On an early morning on April 4, with forklifts, bulldozers, backhoes, generators, trucks and CONEX boxes in tow, the convoy made its way to an open field at McCrady Training Center. Upon arrival, the buses full of 560th RED HORSE Squadron airmen quickly unloaded all their heavy equipment and got to work. They surveyed the land, enabled generators, deployed water and latrine stations, erected shelters and a communications center. Over 200 U.S. Reserve Citizen Airmen assigned to the 560th Rapid Engineer Deployable Heavy Operational Repair Squadron Engineers worked at McCrady Training Center, Eastover, South Carolina April 4 and 5, 2018.
“We’re tasked with heavy operations downrange,” said Senior Airman Schyler Carbone, an engineering assistant. “We deploy with all the heavy equipment to move massive amounts of land.” 560 RH is crucial to provide the foundation of structure necessary to run Air Force operations in any location that it requires. They have the ability to reshape the landscape and create an environment suitable for any need. “We can start from scratch with a remote area and we can build and airfield and infrastructure so we that we can begin airfield operations,” said Maj. Jason Pryor, deputy commander.

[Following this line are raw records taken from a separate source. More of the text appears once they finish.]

(* (i) Let $J:\tilde{\mathcal{A}}_{\mathbf{k}_0}\to\tilde{\mathcal{A}}_{\mathbf{k}_0}$ be a linear map for which there are complex numbers $c_{\mathbf{j};\mathbf{p}}$ ($\mathbf{j}\ge\mathbf{k}_0$, $\mathbf{p}\in\mathbb{N}^M\setminus\{\mathbf 0\}$) such that for every $\tilde S\in\tilde{\mathcal{A}}_{\mathbf{k}_0}$ and every representation $\tilde S=\sum_{\mathbf{j}\ge\mathbf{k}_0}c_{\mathbf{j}}\mu_{\mathbf{j}}$ one has $J\tilde S=\sum_{\mathbf{j}\ge\mathbf{k}_0}c_{\mathbf{j}}\sum_{\mathbf{p}\in\mathbb{N}^M\setminus\{0\}}c_{\mathbf{j};\mathbf{p}}\mu_{\mathbf{j}+\mathbf{p}}$. Then for every $\tilde S_0\in\tilde{\mathcal{A}}_{\mathbf{k}_0}$ the equation $\tilde S=J\tilde S+\tilde S_0$ has a unique solution $\tilde S\in\tilde{\mathcal{A}}_{\mathbf{k}_0}$. (ii) Let $A\subset\tilde{\mathcal{A}}_{\mathbf{k}_0}$ be nonempty and closed in the asymptotic topology, and let $J:A\to A$ (linear or not) be asymptotically contractive on $A$. Then the equation $\tilde S=J(\tilde S)$ has a unique solution $\tilde S\in A$.
   Context: $(\mathcal{G},\cdot,\le)$ is a totally ordered abelian group (order compatible with multiplication). Fix $M\ge1$, $\mu_1,\dots,\mu_M\in\mathcal{G}$ with $\mu_i<1$, $\mu_{\mathbf{k}}=\prod_i\mu_i^{k_i}$ for $\mathbf{k}\in\mathbb{Z}^M$; $\mathbb{Z}^M$ has the componentwise order. For $\mathbf{k}_0\in\mathbb{Z}^M$, $\tilde{\mathcal{A}}_{\mathbf{k}_0}$ is the set of formal sums $\sum_{\mathbf{k}\ge\mathbf{k}_0}c_{\mathbf{k}}\mu_{\mathbf{k}}$ ($c_{\mathbf{k}}\in\mathbb{C}$), two formal sums being identified iff for each $g\in\mathcal{G}$ the finite sums $\sum_{\mathbf{k}\ge\mathbf{k}_0,\mu_{\mathbf{k}}=g}c_{\mathbf{k}}$ coincide (the coefficient of $g$); addition is coefficientwise. A formal expression $\sum_{\mathbf{k}\ge\mathbf{k}_0}\sum_{\mathbf{p}\in\mathbb{N}^M\setminus\{0\}}a_{\mathbf{k},\mathbf{p}}\mu_{\mathbf{k}+\mathbf{p}}$ denotes the element whose coefficient of $g$ is the (finite) sum of $a_{\mathbf{k},\mathbf{p}}$ over $\mu_{\mathbf{k}+\mathbf{p}}=g$. Asymptotic topology: a sequence converges iff for each $g\in\mathcal{G}$ its coefficient of $g$ is eventually constant; closed means sequentially closed. A map $J:A\to A$ is asymptotically contractive on $A$ if for all $f_1,f_2\in A$ and every representation $f_1-f_2=\sum_{\mathbf{k}\ge\mathbf{k}_0}c_{\mathbf{k}}\mu_{\mathbf{k}}$ there exist complex numbers $C_{\mathbf{k};\mathbf{p}}$ ($\mathbf{k}\ge\mathbf{k}_0$, $\mathbf{p}\in\mathbb{N}^M\setminus\{0\}$), possibly depending on $f_1,f_2$, such that $J(f_1)-J(f_2)=\sum_{\mathbf{k}\ge\mathbf{k}_0}c_{\mathbf{k}}\sum_{\mathbf{p}\in\mathbb{N}^M\setminus\{0\}}C_{\mathbf{k};\mathbf{p}}\mu_{\mathbf{k}+\mathbf{p}}$. *)

From HB Require Import structures.
From mathcomp Require Import all_boot all_order all_algebra.
From mathcomp Require Import boolp classical_sets fsbigop reals.
From mathcomp Require Export complex.
Set Implicit Arguments. Unset Strict Implicit. Unset Printing Implicit Defensive.
Import Order.TTheory GRing.Theory Num.Theory.
Local Open Scope ring_scope.
Local Open Scope classical_set_scope.
Lemma mem_Qj (x : 'I_d -> bool) (j : 'I_m) e : e \in Q j x <->
  exists i (w : 'I_gadget_size),
    (first_leaf x i <= w < 2 * d + 1 + j + q j i)%N /\ e = [set center i; w].
Proof.
have j_lt := ltn_ord j; rewrite /Qj in_setU; split.
- case/orP=> [/mem_Hj [i [w [w_in ->]]]|/imsetP[i qi ->]].
    by exists i, w; split=> //; lia.
  exists i, (query_vertex j); rewrite query_vertexE.
  by split=> //; move: qi; rewrite unfold_in /first_leaf => ->; case: (x i); lia.
- case=> i [w [w_in ->]].
  case: (ltnP w (2 * d + 1 + j)) => w_lt.
    by apply/orP; left; apply/mem_Hj; exists i, w; split=> //; lia.
  have qi : q j i by move: w_in; case: (q j i) => //=; lia.
  have -> : w = query_vertex j.
    by apply: val_inj; rewrite query_vertexE; move: w_in; rewrite qi /=; lia.
  by apply/orP; right; apply/imsetP; exists i.
Qed.

Lemma deg_Hj_le x (j : 'I_m) (u : 'I_gadget_size) : (deg (H j x) u <= d + j + 1)%N.
Proof.
have j_lt := ltn_ord j.
have hi_le (i : 'I_d) : (2 * d + 1 + j <= gadget_size)%N by rewrite /gadget_size; lia.
have star := mem_Hj x j.
case: (ltnP u d) => [u_lt|u_ge]; last first.
  by rewrite (leq_trans (deg_star_leaf star u_ge)) //; lia.
have -> : u = center (Ordinal u_lt) by apply: val_inj.
rewrite (deg_star_center (first_leaf_ge x) hi_le star).
by have := first_leaf_ge x (Ordinal u_lt); lia.
Qed.

Lemma deg_Qj_top x (j : 'I_m) :
  [set u : 'I_gadget_size | deg (Q j x) u == (d + j + 1).+1] =
  center @: [set i | x i && q j i].
Proof.
have j_lt := ltn_ord j.
have hi_le (i : 'I_d) : (2 * d + 1 + j + q j i <= gadget_size)%N.
  by rewrite /gadget_size; case: (q j i); lia.
have star := mem_Qj x j.
apply/setP => u; rewrite inE.
case: (ltnP u d) => [u_lt|u_ge].
  have -> : u = center (Ordinal u_lt) by apply: val_inj.
  rewrite (deg_star_center (first_leaf_ge x) hi_le star) /first_leaf.
  rewrite (mem_imset _ _ center_inj) inE.
  by case: (x _); case: (q j _); apply/idP/idP => /=; lia.
have /negbTE -> : u \notin center @: [set i | x i && q j i].
  by apply/imsetP => -[i _ /(f_equal val) /= ui]; have := ltn_ord i; lia.
by apply/negbTE/eqP; have := deg_star_leaf star u_ge; lia.
Qed.

(* The fallback value 0 is never used: d + j + 1 is a valid histogram index. *)
Definition decoder (j : 'I_m) (h : 'I_gadget_size.-1 -> R) : R :=
  oapp h 0%R (insub (d + j + 1) : option 'I_gadget_size.-1).

Lemma decoder_lipschitz j : lipschitz1 (decoder j).
Proof.
move=> a b; rewrite /decoder /linf_dist; case: insub => [k|] /=.
  exact: (le_bigmax _ (fun i => `|a i - b i|)%R k).
by rewrite subrr normr0 bigmax_ge_id.
Qed.

Lemma card_and_ip (x y : 'I_d -> bool) : #|[set i | x i && y i]| = ip x y.
Proof.
rewrite -sum1_card /ip big_mkcond /=; apply: eq_bigr => i _.
by rewrite inE; case: (x i && y i).
Qed.

Lemma decoder_jump x (j : 'I_m) :
  (decoder j (hist (Q j x)) - decoder j (hist (H j x)) = (ip x (q j))%:R)%R.
Proof.
have j_lt := ltn_ord j.
have d_gt0 : (0 < d)%N by move: j_lt; nia.
have idx_lt : (d + j + 1 < gadget_size.-1)%N by rewrite /gadget_size /=; lia.
rewrite /decoder insubT /= /hist deg_Qj_top.
rewrite (card_imset _ center_inj) card_and_ip.
have -> : [set u : 'I_gadget_size | deg (H j x) u == (d + j + 1).+1] = set0.
  apply/setP => u; rewrite !inE.
  by apply/negbTE; rewrite neq_ltn ltnS deg_Hj_le.
by rewrite cards0 subr0.
Qed.

Lemma card_padding : (#|padding| <= d * gadget_size)%N.
Proof.
apply: leq_trans (leq_imset_card _ _) _.
by apply: leq_trans (max_card _) _; rewrite card_prod !card_ord.
Qed.

Lemma card_query_edges P j : (#|query_edges P j| <= d)%N.
Proof.
apply: leq_trans (leq_imset_card _ _) _.
by apply: leq_trans (max_card _) _; rewrite card_ord.
Qed.

Definition gadget_cost : nat := ((3 * zeta + 3) * d ^ 2 + 2 * d + 1)%N.

Lemma gadget_insertions_le :
  (#|padding| + d + \sum_(j < m) (#|S j| + #|T j|) <= gadget_cost)%N.
Proof.
have queries_le : (\sum_(j < m) (#|S j| + #|T j|) <= \sum_(j < m) 2 * d)%N.
  by apply: leq_sum => j _; rewrite mul2n -addnn leq_add ?card_query_edges.
rewrite sum_nat_const card_ord in queries_le.
have := card_padding; move: queries_le; rewrite /gadget_cost /gadget_size; nia.
Qed.

End HistogramGadget.

Lemma histogram_ext_AND_gadget zeta :
  ext_AND_gadget_hist zeta (gadget_size zeta) (gadget_cost zeta).
Proof.
split; first by [].
split; first by move=> d; rewrite /gadget_cost addn1.
split; first by move=> a b ab; rewrite /gadget_size ltnS; nia.
split.
  move=> a b ab; rewrite /gadget_cost ltn_add2r -addnS leq_add //.
    by rewrite leq_mul2l leq_sqr ltnW ?orbT.
  by rewrite ltn_pmul2l.
move=> d; exists (padding zeta d), (@bit_edge zeta d); split; [|split].
- move=> e /imsetP[p]; rewrite inE => /andP[d_lt _] ->.
  exact: is_edge_center (ltnW d_lt).
- by move=> i; apply: is_edge_center; rewrite vertexK //; lia.
move=> q; exists (fun j => query_edges (q j) j), (query_edges predT), (@decoder zeta d).
split; first by move=> j; split=> e /imsetP[i _ ->];
  rewrite is_edge_center // query_vertexE; lia.
split; first exact: decoder_lipschitz.
split; first by move=> j x; exact: decoder_jump.
exact: gadget_insertions_le.
Qed.
(* Let $(X,d)$ be a compact metric space and let $\mathcal{F}=\{X; f_{\lambda}\mid\lambda\in\Lambda\}$ be an iterated function system in which every $f_\lambda:X\to X$ is continuous and surjective. If $\mathcal{F}$ has the average shadowing property, then every point $x\in X$ is a chain recurrent point of $\mathcal{F}$; moreover, $\mathcal{F}$ has only one chain component, namely the whole space, i.e. for every $x,y\in X$ and every $\epsilon>0$ there exists an $\epsilon$-chain of $\mathcal{F}$ from $x$ to $y$.
   Context: An iterated function system (IFS) $\mathcal{F}=\{X; f_{\lambda}\mid\lambda\in\Lambda\}$ on a metric space $(X,d)$ is a family of continuous maps $f_\lambda:X\to X$ indexed by a finite nonempty set $\Lambda$. For $\sigma=(\lambda_0,\lambda_1,\dots)\in\Lambda^{\mathbb{Z}_+}$ write $\mathcal{F}_{\sigma_n}=f_{\lambda_{n-1}}\circ\cdots\circ f_{\lambda_0}$ for $n\ge1$ and $\mathcal{F}_{\sigma_0}=\mathrm{id}_X$. For $\delta>0$, a sequence $(x_i)_{i\ge0}$ in $X$ is a $\delta$-average pseudo-orbit of $\mathcal{F}$ if there exist a natural number $N$ and $\sigma=(\lambda_0,\lambda_1,\dots)\in\Lambda^{\mathbb{Z}_+}$ such that for all $n\ge N$, $\frac1n\sum_{i=0}^{n-1}d(f_{\lambda_i}(x_i),x_{i+1})<\delta$. A sequence $(x_i)_{i\ge0}$ is $\epsilon$-shadowed in average by $z\in X$ if there exists $\sigma\in\Lambda^{\mathbb{Z}_+}$ with $\limsup_{n\to\infty}\frac1n\sum_{i=0}^{n-1}d(\mathcal{F}_{\sigma_i}(z),x_i)<\epsilon$. $\mathcal{F}$ has the average shadowing property if for every $\epsilon>0$ there is $\delta>0$ such that every $\delta$-average pseudo-orbit of $\mathcal{F}$ is $\epsilon$-shadowed in average by some point of $X$. For $\epsilon>0$ and $x,y\in X$, an $\epsilon$-chain of $\mathcal{F}$ from $x$ to $y$ is a finite sequence $p_0=x,p_1,\dots,p_n=y$ ($n\ge1$) of points of $X$ together with indices $\lambda_0,\dots,\lambda_{n-1}\in\Lambda$ such that $d(f_{\lambda_i}(p_i),p_{i+1})\le\epsilon$ for all $i$. A point $x$ is chain recurrent for $\mathcal{F}$ if for every $\epsilon>0$ there is an $\epsilon$-chain from $x$ to $x$. *)

From Stdlib Require Import Reals Lra List.
From Coquelicot Require Import Coquelicot.
Open Scope R_scope.

Definition is_metric {X : Type} (d : X -> X -> R) : Prop :=
  (forall x y, 0 <= d x y) /\
  (forall x y, d x y = 0 <-> x = y) /\
  (forall x y, d x y = d y x) /\
  (forall x y z, d x z <= d x y + d y z).

Definition metric_open {X : Type} (d : X -> X -> R) (U : X -> Prop) : Prop :=
  forall x, U x -> exists r, 0 < r /\ forall y, d x y < r -> U y.

Definition metric_compact {X : Type} (d : X -> X -> R) : Prop :=
  forall (I : Type) (U : I -> X -> Prop),
    (forall i, metric_open d (U i)) ->
    (forall x, exists i, U i x) ->
    exists l : list I, forall x, exists i, In i l /\ U i x.

Definition metric_continuous {X : Type} (d : X -> X -> R) (f : X -> X) : Prop :=
  forall x eps, 0 < eps -> exists delta, 0 < delta /\
    forall y, d x y < delta -> d (f x) (f y) < eps.

Definition surjective {X : Type} (f : X -> X) : Prop := forall y, exists x, f x = y.

Definition finite_nonempty (L : Type) : Prop :=
  inhabited L /\ exists l : list L, forall a : L, In a l.

Fixpoint sum_upto (u : nat -> R) (n : nat) : R :=
  match n with
  | O => 0
  | S m => sum_upto u m + u m
  end.

(* F_{sigma_n} = f_{lambda_{n-1}} o ... o f_{lambda_0}, F_{sigma_0} = id *)
Fixpoint ifs_iter {X L : Type} (f : L -> X -> X) (sigma : nat -> L) (n : nat) (z : X) : X :=
  match n with
  | O => z
  | S m => f (sigma m) (ifs_iter f sigma m z)
  end.

Definition average_pseudo_orbit {X L : Type} (d : X -> X -> R) (f : L -> X -> X)
    (delta : R) (x : nat -> X) : Prop :=
  exists (N : nat) (sigma : nat -> L), forall n : nat, (N <= n)%nat -> (0 < n)%nat ->
    / INR n * sum_upto (fun i => d (f (sigma i) (x i)) (x (S i))) n < delta.

Definition average_shadowed {X L : Type} (d : X -> X -> R) (f : L -> X -> X)
    (eps : R) (x : nat -> X) (z : X) : Prop :=
  exists sigma : nat -> L,
    Rbar_lt (LimSup_seq (fun n => / INR n * sum_upto (fun i => d (ifs_iter f sigma i z) (x i)) n))
            (Finite eps).

Definition average_shadowing_property {X L : Type} (d : X -> X -> R) (f : L -> X -> X) : Prop :=
  forall eps, 0 < eps -> exists delta, 0 < delta /\
    forall x : nat -> X, average_pseudo_orbit d f delta x ->
      exists z : X, average_shadowed d f eps x z.

Definition eps_chain {X L : Type} (d : X -> X -> R) (f : L -> X -> X)
    (eps : R) (x y : X) : Prop :=
  exists (n : nat) (p : nat -> X) (lam : nat -> L),
    (1 <= n)%nat /\ p O = x /\ p n = y /\
    forall i, (i < n)%nat -> d (f (lam i) (p i)) (p (S i)) <= eps.

Definition chain_recurrent {X L : Type} (d : X -> X -> R) (f : L -> X -> X) (x : X) : Prop :=
  forall eps, 0 < eps -> eps_chain d f eps x x.

(* Fix one of the maps, g.  For x, y and M large, let u be a g^(M-1)-preimage of y and
   consider the periodic sequence that follows the g-orbit of x for M steps, then the g-orbit
   of u for M steps, and so on.  It jumps only once every M steps, so it is an average
   pseudo-orbit with error at most diam X / M.  Let z shadow it in average within eps/4
   along some orbit.  If in some period of length 2M the orbit of z comes eps-close to a
   point g^r x with r >= 1 and later to a point g^s u, then following g from x, the orbit of
   z, and g from g^s u to y is an eps-chain from x to y.  Otherwise every period contributes
   at least (M-1) eps to the sum of distances, and the average is at least eps/4. *)

From Stdlib Require Import Reals Lra Lia List Relations Classical.
From Coquelicot Require Import Coquelicot.
Open Scope R_scope.

Lemma sum_upto_add (u : nat -> R) (a b : nat) :
  sum_upto u (a + b) = sum_upto u a + sum_upto (fun r => u (a + r)%nat) b.
Proof.
  induction b as [|b IH]; simpl.
  - rewrite Nat.add_0_r. ring.
  - rewrite Nat.add_succ_r. simpl. rewrite IH. ring.
Qed.
(* Every independent set of size $14$ in $C_{5,14}^{\boxtimes 3}$ is Lee equivalent to $\{t\cdot(1,3,9): t\in\mathbb Z_{14}\}\subseteq\mathbb Z_{14}^3$ (arithmetic modulo $14$); in particular, up to Lee equivalence there is a unique independent set of size $14$ in $C_{5,14}^{\boxtimes 3}$.
   Context: For positive integers $q,d$ with $q\ge 2d$, the circular graph $C_{d,q}$ has vertex set $\mathbb Z_q$, two distinct vertices $x,y$ being adjacent iff $\min\{|x-y|,q-|x-y|\}<d$ (viewing $x,y$ as integers in $\{0,\dots,q-1\}$). For a graph $G=(V,E)$, $G^{\boxtimes n}$ has vertex set $V^n$, distinct $(u_i)$, $(v_i)$ adjacent iff for every $i$ either $u_i=v_i$ or $u_iv_i\in E$. An independent set is a set of pairwise non-adjacent vertices. Let $D_q$ be the dihedral group of order $2q$ acting on $\mathbb Z_q$ by $x\mapsto\pm x+c$ ($c\in\mathbb Z_q$); $D_q^n\rtimes S_n$ acts on $\mathbb Z_q^n$ by acting with $D_q$ in each coordinate separately and permuting coordinates. Sets $C,D\subseteq\mathbb Z_q^n$ are Lee equivalent if $g\cdot C=D$ for some $g\in D_q^n\rtimes S_n$. *)

From mathcomp Require Import all_boot all_order all_algebra all_fingroup.
Unset Printing Implicit Defensive.
Import GRing.Theory.
Local Open Scope ring_scope.

(* Z_q is represented by 'Z_q; this is faithful only for q >= 2
   (all uses below have q = 14). Elements are viewed as integers
   in {0,...,q-1} via val. *)

Definition circ_dist (q : nat) (x y : 'Z_q) : nat :=
  let a := if (val x <= val y)%N then (val y - val x)%N else (val x - val y)%N in
  minn a (q - a)%nat.

Definition circ_adj (d q : nat) (x y : 'Z_q) : bool :=
  (x != y) && (circ_dist q x y < d)%nat.

Definition strong_adj (d q n : nat) (u v : {ffun 'I_n -> 'Z_q}) : bool :=
  (u != v) && [forall i, (u i == v i) || circ_adj d q (u i) (v i)].
Lemma f_canonical_multiple_lt1 {n} (f : pt n -> R) G deg al c (mu : pt n) :
  (3 <= n)%nat -> structural f G deg -> canonical_const f al -> 1 < c ->
  (forall i, mu i = 2 * Rpower (c * al) (- (2 / conf_exp n))) -> closure G mu -> f mu < 1.
Proof.
move=> n_ge3 f_str al_can c_gt1 mu_eq mu_cl; apply: Rnot_le_lt => f_mu.
have al_gt0 : 0 < al := proj1 al_can.
have t_gt1 : 1 < Rpower c (2 / conf_exp n).
  by apply: Rpower_gt1 => //; apply: Rdiv_lt_0_compat; [lra | apply: conf_exp_gt0].
have := structural_scale_gt1 f G deg _ mu f_str t_gt1 mu_cl (Rle_ge _ _ f_mu).
suff -> : ptscal (Rpower c (2 / conf_exp n)) mu = fun _ => 2 * Rpower al (- (2 / conf_exp n)).
  by rewrite canonical_const_center //; lra.
apply: functional_extensionality => i; rewrite /ptscal mu_eq.
rewrite -Rpower_mult_distr ?Rpower_Ropp; try lra.
by field; split; apply/Rgt_not_eq/Rpower_gt0.
Qed.

(** * The comparison argument *)

Section Touching.
Context {n : nat} (v : pt n -> R) (x : pt n) (al Rp : R).
Let m := conf_exp n.
Hypotheses (n_ge3 : (3 <= n)%nat) (al_gt0 : 0 < al) (Rp_gt0 : 0 < Rp)
  (v_gt0 : forall w, cball x Rp w -> 0 < v w)
  (v_usc : forall w, cball x Rp w -> usc_in (cball x Rp) v w)
  (v_big : al < Rpower Rp m * v x).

Additionally, they can operate independently of any other form of assistance for up to 60 days without any resupply. “We provide heavy construction and have the ability to rapidly mobilize,” said Staff Sgt. Michael Crump, a structural craftsman. “We can go into a remote location and take a project from start to finish.”
“Our main objective is to get our airmen out into an environment where they can concentrate on their contingency skills and special capabilities for Red Horse,” said Lt. Col. Horace Jones, commander of the 560 RHS. “[This training] involves staying out in the field environment, being comfortable in field conditions and being able to do what we do best and that’s build a bare base, build tent city.”
Master Sgt. Clifford Thomas says that training in field conditions at McCrady allowed them to foster cooperation and build camaraderie. With over 38 different Air Force Specialty Codes, the logistics of organizing training for each profession can be challenging. The sheer number of 560 RH airmen that gather together at each Unit Training Assembly weekend at Joint Base Charleston means that they are usually split up by AFSC. In contrast, the training provided an opportunity to allow the airmen from the 560 RH to live, work and learn together. “It really allows us to come together as one,” he said.